*What you need to do*
Output must match the data below exactly from its first line through the line that contains "pose c k := a k * (a k)^*.", with no other line.

Stored data
(* For M = P^* diag(mu) P with P unitary and mu real, M_vv is a convex
   combination of the mu_k (with weights |P_kv|^2); if it is their minimum,
   row v of M vanishes off the diagonal. *)
Lemma unitary_diag_row v :
  (exists k, mu k <= M v v) /\
  ((forall k, M v v <= mu k) -> forall u, u != v -> M v u = 0).
Proof.
pose a k := P^t* v k.
have aE k : P k v = (a k)^* by rewrite /a !mxE conjCK.
pose c k := a k * (a k)^*.
have c_ge0 k : 0 <= c k by exact: mul_conjC_ge0.
have c_sum1 : \sum_k c k = 1.
  have := rows_orthonormal v v; rewrite eqxx mulr1n => <-.
  by apply: eq_bigr => k _; rewrite aE.
have Mvv : M v v = \sum_k c k * mu k.
  by rewrite M_entry; apply: eq_bigr => k _; rewrite aE /c mulrAC.
rewrite Mvv; split; first exact: convex_comb_le.
move=> /(convex_comb_min_eq c_ge0 c_sum1) dev0 u uv.
have a_mu k : a k * mu k = a k * \sum_j c j * mu j.
  have /eqP := dev0 k; rewrite mulf_eq0 mul_conjC_eq0 subr_eq0.
  by case/orP => /eqP ->; rewrite ?mul0r.
rewrite M_entry; under eq_bigr do rewrite a_mu mulrAC.
by rewrite -mulr_suml rows_orthonormal eq_sym (negPf uv) mul0r.
Qed.

End UnitaryDiagonal.

Section Spectral.
Local Open Scope sesquilinear_scope.

Lemma spectral_diag_root (C : numClosedFieldType) n (A : 'M[C]_n) k :
  A \is normalmx -> root (char_poly A) (spectral_diag A 0 k).
Proof.
move=> /orthomx_spectralP {1}->; rewrite char_poly_similar ?spectral_unit //.
rewrite char_poly_trig ?diag_mx_is_trig //.
rewrite -(big_map (fun i => diag_mx (spectral_diag A) i i) predT (fun x => 'X - x%:P)).
rewrite root_prod_XsubC.
by apply/mapP; exists k; rewrite ?mem_index_enum // mxE eqxx.
Qed.

Local Notation rc R := (real_complex R).

Lemma symmetric_sq_spectral (R : rcfType) n (A : 'M[R]_n) (s : seq R) :
  A^T = A -> char_poly A = \prod_(x <- s) ('X - x%:P) ->
  exists2 P : 'M[R[i]]_n, P \is unitarymx &
  exists2 mu : 'I_n -> R[i], (forall k, exists2 x, x \in s & mu k = rc R (x ^+ 2))
    & map_mx (rc R) (A *m A) = P^t* *m diag_mx (\row_k mu k) *m P.
Proof.
move=> AT chA.
pose Ac : 'M[R[i]]_n := map_mx (rc R) A.
have rc_conj (x : R) : (rc R x)^* = rc R x by apply: conj_Creal; rewrite complex_real.
have AcH : Ac^t* = Ac.
  apply/matrixP => i j; rewrite !mxE rc_conj.
  by have /matrixP/(_ i j) := AT; rewrite mxE => ->.
have Ac_normal : Ac \is normalmx by apply/normalmxP; rewrite AcH.
have /orthomx_spectralP AcE := Ac_normal.
set P := spectralmx Ac in AcE; set d := spectral_diag Ac in AcE.
have P_unitary : P \is unitarymx := spectral_unitarymx Ac.
rewrite invmx_unitary // in AcE.
have d_eig k : exists2 x, x \in s & d 0 k = rc R x.
  have := spectral_diag_root k Ac_normal.
  rewrite -map_char_poly chA rmorph_prod /=.
  under eq_bigr do rewrite map_polyXsubC.
  rewrite -(big_map (rc R) predT (fun x => 'X - x%:P)) root_prod_XsubC.
  by case/mapP => x xs ->; exists x.
exists P => //; exists (fun k => d 0 k * (d 0 k)^*).
  move=> k; have [x xs ->] := d_eig k; exists x => //.
  by rewrite rc_conj rmorphXn expr2.
rewrite map_mxM -/Ac -{2}AcH AcE !trmx_mul !map_mxM trmxCK tr_diag_mx map_diag_mx.
rewrite !mulmxA -[P^t* *m diag_mx d *m P *m P^t*]mulmxA.
have -> : P *m P^t* = 1%:M by apply/unitarymxP.
rewrite mulmx1 -[P^t* *m diag_mx d *m _]mulmxA; congr (_ *m _ *m _).
apply/matrixP => i j; rewrite mul_diag_mx !mxE.
by case: eqP => [->|]; rewrite ?mulr0 ?mul0r ?mulr1n ?mulr0n.
Qed.

Lemma symmetric_sq_diag_bounds (R : rcfType) n (A : 'M[R]_n) (s : seq R) v :
  A^T = A -> char_poly A = \prod_(x <- s) ('X - x%:P) ->
  (exists2 x, x \in s & x ^+ 2 <= (A *m A) v v) /\
  ((forall x, x \in s -> (A *m A) v v <= x ^+ 2) ->
     forall u, u != v -> (A *m A) v u = 0).
Proof.
move=> AT chA; have [P P_unitary [mu muE AAE]] := symmetric_sq_spectral AT chA.
have entry u : rc R ((A *m A) v u) = (P^t* *m diag_mx (\row_k mu k) *m P) v u.
  by have /matrixP/(_ v u) := AAE; rewrite mxE.
have mu_real k : mu k \is Num.real.
  by have [x _ ->] := muE k; rewrite complex_real.
have [[k le_k] eq0] := unitary_diag_row P_unitary mu_real v.
split; first by move: le_k; have [x xs ->] := muE k; rewrite -entry lecR; exists x.
move=> ge_eig u uv.
have Mvv_le j : (P^t* *m diag_mx (\row_k mu k) *m P) v v <= mu j.
  by have [x xs ->] := muE j; rewrite -entry lecR ge_eig.
by have /eqP := eq0 Mvv_le u uv; rewrite -entry fmorph_eq0 => /eqP.
Qed.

*Task solution*
(* For M = P^* diag(mu) P with P unitary and mu real, M_vv is a convex
   combination of the mu_k (with weights |P_kv|^2); if it is their minimum,
   row v of M vanishes off the diagonal. *)
Lemma unitary_diag_row v :
  (exists k, mu k <= M v v) /\
  ((forall k, M v v <= mu k) -> forall u, u != v -> M v u = 0).
Proof.
pose a k := P^t* v k.
have aE k : P k v = (a k)^* by rewrite /a !mxE conjCK.
pose c k := a k * (a k)^*.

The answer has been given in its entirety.